Case study

Transform infected revision arthroplasty

Courtesy of Courtesy of Mr Alan Norrish Consultant Orthopaedic Surgeon; Mr Dimitrios Giotikas, Specialist Orthopaedic Surgeon
Cambridge, UK

Clinical particulars

35-year-old male presented with recurrent periprosthetic infection after complex hinged total knee replacement (TKR), performed 1 year ago, to treat severe post-traumatic knee osteoarthritis. 6 months after the initial procedure, he developed periprosthetic infection.

Change of polyethylene, synovectomy, microorganism specific systemic antibiotics and repetitive arthroscopic lavage of the knee failed to control the infection.

Because of the knee stiffness and the compromised soft tissue condition, a revision TKR was not deemed appropriate so decision was made to treat infection with knee fusion.
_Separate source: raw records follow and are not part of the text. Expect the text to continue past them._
Lemma tren_uprn_S xi t : tren (uprn xi) (tren S t) = tren S (tren xi t).
Proof. rewrite !tren_tren; reflexivity. Qed.

Lemma ren_env_sh xi e : ren_env (uprn xi) (sh e) = sh (ren_env xi e).
Proof. apply functional_extensionality; intros n; apply tren_uprn_S. Qed.

Lemma ren_env_scons0 xi e :
  ren_env (uprn xi) (scons (tvar 0) (sh e)) = scons (tvar 0) (sh (ren_env xi e)).
Proof. apply functional_extensionality; intros [|n]; [reflexivity | apply tren_uprn_S]. Qed.

Lemma tr_tren :
  (forall M xi eo ek,
     (forall K, tr (ren_env xi eo) (ren_env xi ek) M (tren xi K) = tren xi (tr eo ek M K)) /\
     star (ren_env xi eo) (ren_env xi ek) M = option_map (tren xi) (star eo ek M)) /\
  (forall J xi eo ek, trj (ren_env xi eo) (ren_env xi ek) J = tren xi (trj eo ek J)).
Proof.
  apply term_jump_mind; intros; simpl.
  - split; reflexivity.
  - pose proof (proj1 (H (uprn (uprn xi)) (sh (scons (tvar 0) (sh eo))) (sh (sh ek))) (tvar 0))
      as IH.
    rewrite !ren_env_sh, ren_env_scons0 in IH; simpl in IH; rewrite IH; split; reflexivity.
  - destruct (H xi eo ek) as [T1 ->], (H0 xi eo ek) as [T2 ->]; split; [intros K|reflexivity].
    destruct (star eo ek t) as [v1|], (star eo ek t0) as [v2|]; simpl; [reflexivity | ..].
    + rewrite <- T2; simpl; rewrite !tren_uprn_S; reflexivity.
    + rewrite <- T1; simpl; rewrite !tren_uprn_S; reflexivity.
    + pose proof (proj1 (H0 (uprn xi) (sh eo) (sh ek))) as IH.
      rewrite !ren_env_sh in IH.
      rewrite <- T1; simpl; rewrite <- IH; simpl; rewrite !tren_uprn_S; reflexivity.
  - pose proof (proj1 (H (uprn xi) (scons (tvar 0) (sh eo)) (sh ek))) as IH.
    rewrite ren_env_sh, ren_env_scons0 in IH.
    split; [intros K | reflexivity].
    rewrite <- (proj1 (H0 _ _ _)); simpl; rewrite <- IH, tren_uprn_S; reflexivity.
  - pose proof (H (uprn xi) (sh eo) (scons (tvar 0) (sh ek))) as IH.
    rewrite ren_env_sh, ren_env_scons0 in IH.
    split; [intros K | reflexivity]; rewrite IH; reflexivity.
  - apply H.
  - pose proof (H (uprn xi) (scons (tvar 0) (sh eo)) (sh ek)) as IH.
    rewrite ren_env_sh, ren_env_scons0 in IH.
    rewrite <- (proj1 (H0 _ _ _)); simpl; rewrite IH; reflexivity.
Qed.

Lemma star_sh eo ek M : star (sh eo) (sh ek) M = option_map (tren S) (star eo ek M).
Proof. exact (proj2 (proj1 tr_tren M S eo ek)). Qed.

Lemma tr_value eo ek M v K : star eo ek M = Some v -> tr eo ek M K = tapp K v.
Proof. destruct M; simpl; intros E; try discriminate; injection E as <-; reflexivity. Qed.

Lemma is_value_ren_o xi M : is_value (ren_o xi M) = is_value M.
Proof. destruct M; reflexivity. Qed.

Lemma is_value_ren_k xi M : is_value (ren_k xi M) = is_value M.
Proof. destruct M; reflexivity. Qed.

Lemma kfill_app_let_l c N M : is_value N = false ->
  ccvj_eq (kfill c (App N M)) (JWhere (kfill (kren_o S c) (App (Var 0) (ren_o S M))) N).
Proof.
  intros HN; eapply ccvj_trans; [apply kfill_cong, ccv_appL, HN | apply kfill_where].
Qed.

Lemma kfill_app_let_r c V N : is_value V = true -> is_value N = false ->
  ccvj_eq (kfill c (App V N)) (JWhere (kfill (kren_o S c) (App (ren_o S V) (Var 0))) N).
Proof.
  intros HV HN; eapply ccvj_trans; [apply kfill_cong, ccv_appR; assumption | apply kfill_where].
Qed.

Lemma kfill_app_let_lr c N1 N2 : is_value N1 = false -> is_value N2 = false ->
  ccvj_eq (kfill c (App N1 N2))
    (JWhere (JWhere (kfill (kren_o S (kren_o S c)) (App (Var 1) (Var 0))) (ren_o S N2)) N1).
Proof.
  intros H1 H2; eapply ccvj_trans; [apply kfill_app_let_l, H1|].
  apply ccvj_JWhere; [|apply ccv_refl].
  apply (kfill_app_let_r _ (Var 0)); [reflexivity | rewrite is_value_ren_o; assumption].
Qed.
(* Let $\Sigma$ be a set and let $y,z\in F(\Sigma)$ be such that the word $y^{-1}zy$ is freely reduced and non-trivial, with $z$ cyclically reduced and not a proper power. Then: (1) if $y=1$ and there are $i\in\mathbb{Z}$ and $g,h\in F(\Sigma)$ such that $z^i=gzh$ with the word $g\cdot z\cdot h$ freely reduced, then $i\geq 1$ and $g,h\in\langle z\rangle$; (2) if $y\neq 1$ and there are $i,j\in\mathbb{Z}$ and $g,h\in F(\Sigma)$ such that $y^{-1}z^iy=gy^{-1}z^jyh$ with the word $g\cdot y^{-1}z^jy\cdot h$ freely reduced, then $g=h=1$ and $i=j$.
   Context: $F(\Sigma)$ is the free group on $\Sigma$. An element $w$ is a proper power if $w=u^n$ for some $u\in F(\Sigma)$ and $n\geq 2$. *)

(* Free group F(S) on an arbitrary type S, presented by words
   over the letters S x bool (true = generator, false = its inverse),
   modulo free cancellation. *)
From Stdlib Require Import List ZArith Relations.
Import ListNotations.

Definition letter (S : Type) : Type := (S * bool)%type.
Definition word (S : Type) : Type := list (letter S).

Definition inv_letter {S : Type} (x : letter S) : letter S := (fst x, negb (snd x)).

Definition winv {S : Type} (w : word S) : word S := rev (map inv_letter w).

Inductive red_step {S : Type} : word S -> word S -> Prop :=
| red_step_intro : forall (u v : word S) (x : letter S),
    red_step (u ++ x :: inv_letter x :: v) (u ++ v).

Definition fg_eq {S : Type} : word S -> word S -> Prop :=
  clos_refl_sym_trans (word S) red_step.

Definition reduced {S : Type} (w : word S) : Prop :=
  forall (u v : word S) (x : letter S), w <> u ++ x :: inv_letter x :: v.

Definition cyc_reduced {S : Type} (w : word S) : Prop :=
  reduced w /\ forall (x : letter S) (u : word S), w <> x :: u ++ [inv_letter x].

Definition wpow_nat {S : Type} (w : word S) (n : nat) : word S :=
  concat (repeat w n).

Definition wpow {S : Type} (w : word S) (i : Z) : word S :=
  if (0 <=? i)%Z then wpow_nat w (Z.to_nat i) else wpow_nat (winv w) (Z.to_nat (- i)).

Definition proper_power {S : Type} (w : word S) : Prop :=
  exists (u : word S) (n : nat), (2 <= n)%nat /\ fg_eq w (wpow_nat u n).

Definition in_cyclic {S : Type} (z g : word S) : Prop :=
  exists k : Z, fg_eq g (wpow z k).

From Stdlib Require Import List ZArith Relations Lia ClassicalEpsilon.
Import ListNotations.

(* Both sides of each equation are freely reduced words ([z] is cyclically
   reduced, and [y^-1 z^n y] is reduced for [n >= 1]), so equality in F(Σ) is
   literal equality of words.  A copy of [z] or [z^-1] inside the word [z^n]
   is a cyclic rotation of [z].  A reduced word is never a rotation of its
   inverse, and a word that is not a proper power is equal to none of its
   nontrivial rotations (Lyndon-Schützenberger), so the copy is aligned with
   the period of [z^n].  In (2), a leftover [z^k] next to [y^-1] or [y] would
   create a cancelling pair at the junction, which the reducedness of
   [y^-1 z y] excludes. *)

Section Words.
7 months post-operatively, the infection remained controlled, the bone had consolidated and the patient had returned to daily activities without significant restrictions or symptoms.

2 years post-operatively, no recurrence of infection had occurred.


For indications, contraindications, warnings and precautions see Instructions for Use.  The treating physician is responsible for deciding the type and quantity of antibiotic used.  Concurrent use of locally administered antibiotics may affect setting time.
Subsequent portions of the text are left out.